The problem is index speculation generates a “vicious circle of prices spiraling upward: the increased prices for futures initially led to small price increases on spot markets; sellers delayed sales in anticipation of more price increases; and buyers increased their purchases to put in stock for fear of even greater future price increases”.
The following graph is taken from the Briefing Note but was sourced from a presentation that Jan Kregel gave in Chile in August 2008. Jan writes in the Modern Monetary Theory (MMT) tradition and was with the UNCTAD before moving to the Levy Institute.
It is a very stark graph and shows that as the “spot prices increased, this fed an increase in futures prices, which attracted even more speculation, thus setting the whole process into motion once again”.
The point is that index fund speculation is not remotely like the activities outlined above in relation to speculation improving market fundamentals and reducing risk.

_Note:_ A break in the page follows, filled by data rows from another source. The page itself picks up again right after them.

(* Let $\mathsf{u},\mathsf{v}\in V$ be consistently oriented spacelike vectors, let $p\in E$ and $\mathsf{w}\in V$, and suppose the crooked planes $\mathcal{C}(\mathsf{u},p)$ and $\mathcal{C}(\mathsf{v},p+\mathsf{w})$ are disjoint. Then $\mathcal{C}(\mathsf{v},p+\mathsf{w})\subset\mathcal{H}(-\mathsf{u},p)$.
   Context: $V=\mathbb{R}^3$ with Lorentzian inner product $x\cdot y=x_1y_1+x_2y_2-x_3y_3$ and standard orientation; $E$ is the affine space with translation space $V$. Null: $x\cdot x=0$; spacelike: $x\cdot x>0$; future-pointing: third coordinate positive. For spacelike $\mathsf{v}$, $\mathsf{v}^-,\mathsf{v}^+$ are the two future-pointing null vectors of Euclidean length $1$ in $\mathsf{v}^\perp$, labelled so that $(\mathsf{v}^-,\mathsf{v}^+,\mathsf{v})$ is positively oriented. For null $x$, $\mathcal{P}(x)$ is the set of spacelike $w\in x^\perp$ with $w^+$ a positive multiple of $x$. The crooked plane $\mathcal{C}(\mathsf{v},p)=(p+\mathcal{P}(\mathsf{v}^+))\cup(p+\mathcal{P}(\mathsf{v}^-))\cup(p+\{x:\mathsf{v}\cdot x=0,\ x\cdot x\le0\})$. The crooked half-space $\mathcal{H}(\mathsf{v},p)$ is the set of $q\in E$ with $(q-p)\cdot\mathsf{v}^+\le0$ if $(q-p)\cdot\mathsf{v}\ge0$, and $(q-p)\cdot\mathsf{v}^-\ge0$ if $(q-p)\cdot\mathsf{v}\le0$ (both when $(q-p)\cdot\mathsf{v}=0$). Spacelike vectors $\mathsf{v}_1,\dots,\mathsf{v}_n$ are consistently oriented if for all $i\ne j$: $\mathsf{v}_i\cdot\mathsf{v}_j<0$, $\mathsf{v}_i\cdot\mathsf{v}_j^+\le0$ and $\mathsf{v}_i\cdot\mathsf{v}_j^-\le0$. *)

From Stdlib Require Import Reals ClassicalEpsilon.
Open Scope R_scope.

(* V = R^3 as triples; E (affine space with translation space V) is modelled
   by R^3 as well, with p + w the translate. *)
Record vec := Vec { c1 : R; c2 : R; c3 : R }.

Definition vzero : vec := Vec 0 0 0.
Definition vadd (x y : vec) : vec := Vec (c1 x + c1 y) (c2 x + c2 y) (c3 x + c3 y).
Definition vsub (x y : vec) : vec := Vec (c1 x - c1 y) (c2 x - c2 y) (c3 x - c3 y).
Definition vopp (x : vec) : vec := Vec (- c1 x) (- c2 x) (- c3 x).
Definition vscale (k : R) (x : vec) : vec := Vec (k * c1 x) (k * c2 x) (k * c3 x).

Definition ldot (x y : vec) : R := c1 x * c1 y + c2 x * c2 y - c3 x * c3 y.

Definition null (x : vec) : Prop := ldot x x = 0.
Definition spacelike (x : vec) : Prop := ldot x x > 0.
Definition future (x : vec) : Prop := c3 x > 0.

Definition enorm (x : vec) : R := sqrt (c1 x ^ 2 + c2 x ^ 2 + c3 x ^ 2).

(* standard orientation: (a,b,c) positively oriented iff det[a b c] > 0 *)
Definition det3 (a b c : vec) : R :=
  c1 a * (c2 b * c3 c - c3 b * c2 c)
  - c2 a * (c1 b * c3 c - c3 b * c1 c)
  + c3 a * (c1 b * c2 c - c2 b * c1 c).

Definition null_frame (v ym yp : vec) : Prop :=
  null ym /\ null yp /\ future ym /\ future yp /\
  enorm ym = 1 /\ enorm yp = 1 /\
  ldot v ym = 0 /\ ldot v yp = 0 /\
  det3 ym yp v > 0.

(* the (unique, for spacelike v) pair (v^-, v^+), chosen by description *)
Definition vpm (v : vec) : vec * vec :=
  epsilon (inhabits (vzero, vzero)) (fun pr => null_frame v (fst pr) (snd pr)).
Definition vminus (v : vec) : vec := fst (vpm v).
Definition vplus (v : vec) : vec := snd (vpm v).

Definition Pset (x w : vec) : Prop :=
  spacelike w /\ ldot w x = 0 /\ exists k, k > 0 /\ vplus w = vscale k x.

Definition crooked_plane (v p q : vec) : Prop :=
  Pset (vplus v) (vsub q p) \/ Pset (vminus v) (vsub q p) \/
  (ldot v (vsub q p) = 0 /\ ldot (vsub q p) (vsub q p) <= 0).

Definition crooked_halfspace (v p q : vec) : Prop :=
  (ldot (vsub q p) v >= 0 -> ldot (vsub q p) (vplus v) <= 0) /\
  (ldot (vsub q p) v <= 0 -> ldot (vsub q p) (vminus v) >= 0).

Definition consistently_oriented2 (u v : vec) : Prop :=
  spacelike u /\ spacelike v /\
  ldot u v < 0 /\
  ldot u (vplus v) <= 0 /\ ldot u (vminus v) <= 0 /\
  ldot v (vplus u) <= 0 /\ ldot v (vminus u) <= 0.

(* For spacelike [u], the function [side u] below, a max/min of the
   three linear forms [x.u^+], [x.u^-], [x.u], is continuous, vanishes only on
   the crooked plane [C(u,0)], and is negative exactly on the interior of
   [H(-u,0)].  Every crooked plane [C(v,0)] is a cone, hence star-shaped about
   [0]; so if [C(v,p+w)] misses [C(u,p)], the intermediate value theorem shows
   that [side u (. - p)] has constant sign on [C(v,p+w)].  Consistent
   orientation provides a point of [C(v,p+w)], far out along a wing or the stem,
   where it is [<= 0], hence [< 0]. *)

From Pilot Require Import Defs.
From Stdlib Require Import Reals Lra Psatz ClassicalEpsilon.
(* [Reals] shadows the record field [c1] of [vec]. *)
Import Defs.
Open Scope R_scope.

Lemma vec_ext (x y : vec) : c1 x = c1 y -> c2 x = c2 y -> c3 x = c3 y -> x = y.
Proof. destruct x, y; simpl; intros; subst; reflexivity. Qed.

Ltac vec_ring := apply vec_ext; unfold vadd, vsub, vscale, vopp, vzero; simpl; ring.

Lemma ldot_comm x y : ldot x y = ldot y x.
Proof. unfold ldot; ring. Qed.
Lemma ldot_addl x y z : ldot (vadd x y) z = ldot x z + ldot y z.
Proof. unfold ldot, vadd; simpl; ring. Qed.
Lemma ldot_subl x y z : ldot (vsub x y) z = ldot x z - ldot y z.
Proof. unfold ldot, vsub; simpl; ring. Qed.
Lemma ldot_scalel k x z : ldot (vscale k x) z = k * ldot x z.
Proof. unfold ldot, vscale; simpl; ring. Qed.
Lemma ldot_scaler k x z : ldot x (vscale k z) = k * ldot x z.
Proof. unfold ldot, vscale; simpl; ring. Qed.
Lemma ldot_oppl x z : ldot (vopp x) z = - ldot x z.
Proof. unfold ldot, vopp; simpl; ring. Qed.
Lemma ldot_oppr x z : ldot x (vopp z) = - ldot x z.
Proof. unfold ldot, vopp; simpl; ring. Qed.

Lemma ldot_future_null_le0 x y :
  null x -> null y -> future x -> future y -> ldot x y <= 0.
Proof.
  destruct x as [x1 x2 x3], y as [y1 y2 y3]; unfold null, future, ldot; simpl.
  intros Hx Hy Fx Fy.
  assert (Lagrange : (x3*y3)*(x3*y3) - (x1*y1+x2*y2)*(x1*y1+x2*y2)
                     = (x1*y2-x2*y1)*(x1*y2-x2*y1)).
  { replace (x3*y3*(x3*y3)) with ((x3*x3)*(y3*y3)) by ring.
    replace (x3*x3) with (x1*x1+x2*x2) by lra.
    replace (y3*y3) with (y1*y1+y2*y2) by lra. ring. }
  pose proof (Rle_0_sqr (x1*y2-x2*y1)); unfold Rsqr in *.
  assert (0 < x3*y3) by (apply Rmult_lt_0_compat; lra).
  nra.
Qed.
(* Let $0 < q < 1$ be real and let $d \geq 3$, $1 \leq r < \frac d2$ be integers. Let $E_1, E_2, \dots$ be independent events with $\mathbf{P}(E_j) = \frac{q^j}{1+q^j}$, let $F_j$ be the complement of $E_j$, and write $E_n^k := E_{nd+k}$, $F_n^k := F_{nd+k}$ (juxtaposition of events denotes intersection). Define \begin{align*} U_{d,r} &:= \bigcap_{n\geq0}\left(E_n^r F_n^{d-r} F_{n+1}^0 \cup F_n^r\right)\left(E_n^{d-r} F_{n+1}^0 F_{n+1}^r \cup F_n^{d-r}\right)\left(E_{n+1}^0 F_{n+1}^r F_{n+1}^{d-r} F_{n+2}^0 \cup F_{n+1}^0\right),\\ V_{d,r} &:= \bigcap_{n\geq1}\left(E_n^r F_n^{d-r} F_{n+1}^0 \cup F_n^r\right)\left(E_n^{d-r} F_{n+1}^0 F_{n+1}^r \cup F_n^{d-r}\right)\left(E_{n+1}^0 F_{n+1}^r F_{n+1}^{d-r} F_{n+2}^0 \cup F_{n+1}^0\right). \end{align*} Then (1) $\displaystyle \mathbf{P}(U_{d,r} \mid V_{d,r}) = \frac{1}{(1+q^r)(1+q^{d-r})(1+q^d)} \cdot \frac{1}{g_3\left(-q^r;q^d\right)}$; (2) $\mathbf{P}(F_r \cap F_{d-r} \cap F_d \mid U_{d,r}) = g_3\left(-q^r; q^d\right)$.
   Context: $(a;q)_n := \prod_{j=0}^{n-1}(1-aq^j)$ and $g_3(x;q) := \sum_{n\geq0}\frac{q^{n(n+1)}}{(x;q)_{n+1}(x^{-1}q;q)_{n+1}}$ is Hickerson's universal mock theta function. *)

From HB Require Import structures.
From mathcomp Require Import all_boot all_order all_algebra.
From mathcomp Require Import all_classical all_reals all_analysis.
Set Implicit Arguments. Unset Strict Implicit. Unset Printing Implicit Defensive.
Import Order.TTheory GRing.Theory Num.Theory.
Import numFieldNormedType.Exports.
Local Open Scope classical_set_scope.
Local Open Scope ring_scope.

Definition pr d (T : measurableType d) (R : realType) (P : probability T R)
  (A : set T) : R := fine (P A).

Definition condpr d (T : measurableType d) (R : realType) (P : probability T R)
  (A B : set T) : R := pr P (A `&` B) / pr P B.

Definition indep_events_pos d (T : measurableType d) (R : realType)
  (P : probability T R) (E : nat -> set T) : Prop :=
  forall s : seq nat, uniq s -> all (fun i => (0 < i)%N) s ->
    pr P (\bigcap_(i in [set` s]) E i) = \prod_(i <- s) pr P (E i).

As the Briefing Note says the “index speculator and the fund manager, far from being acquainted with crop production cycles and patterns, will never see a grain of wheat in their professional lives”.
The common link between “traditional speculator” and the “index speculator” is that both can create shortages of the commodity. The former by “hoarding the physical commodity” and the latter by “hoarding futures contracts”. The difference is that the latter is “spared the bother of maintaining a warehouse”!
The upshot is that both drive food prices up.
The UN Special Rapporteur’s Briefing Note (hereafter “the Briefing Note”) concluded that:
… closer examination reveals that the abovementioned arguments of supply and demand are insufficient to explain the full extent of the increases and volatility in food prices.
So underlying real shifts in supply and demand – the so-called market fundamentals – do not help us understand the huge food price spikes.
The Briefing Note also rejected the standard IMF line – for example, in this IMF publication – Impact of High Food and Fuel Prices on Developing Countries—Frequently Asked Questions – that:
… food price increases were the result of per capita income growth in China, India, and other emerging economies which fed demand for meat and related animal feeds such as grains, soybeans, and edible oils.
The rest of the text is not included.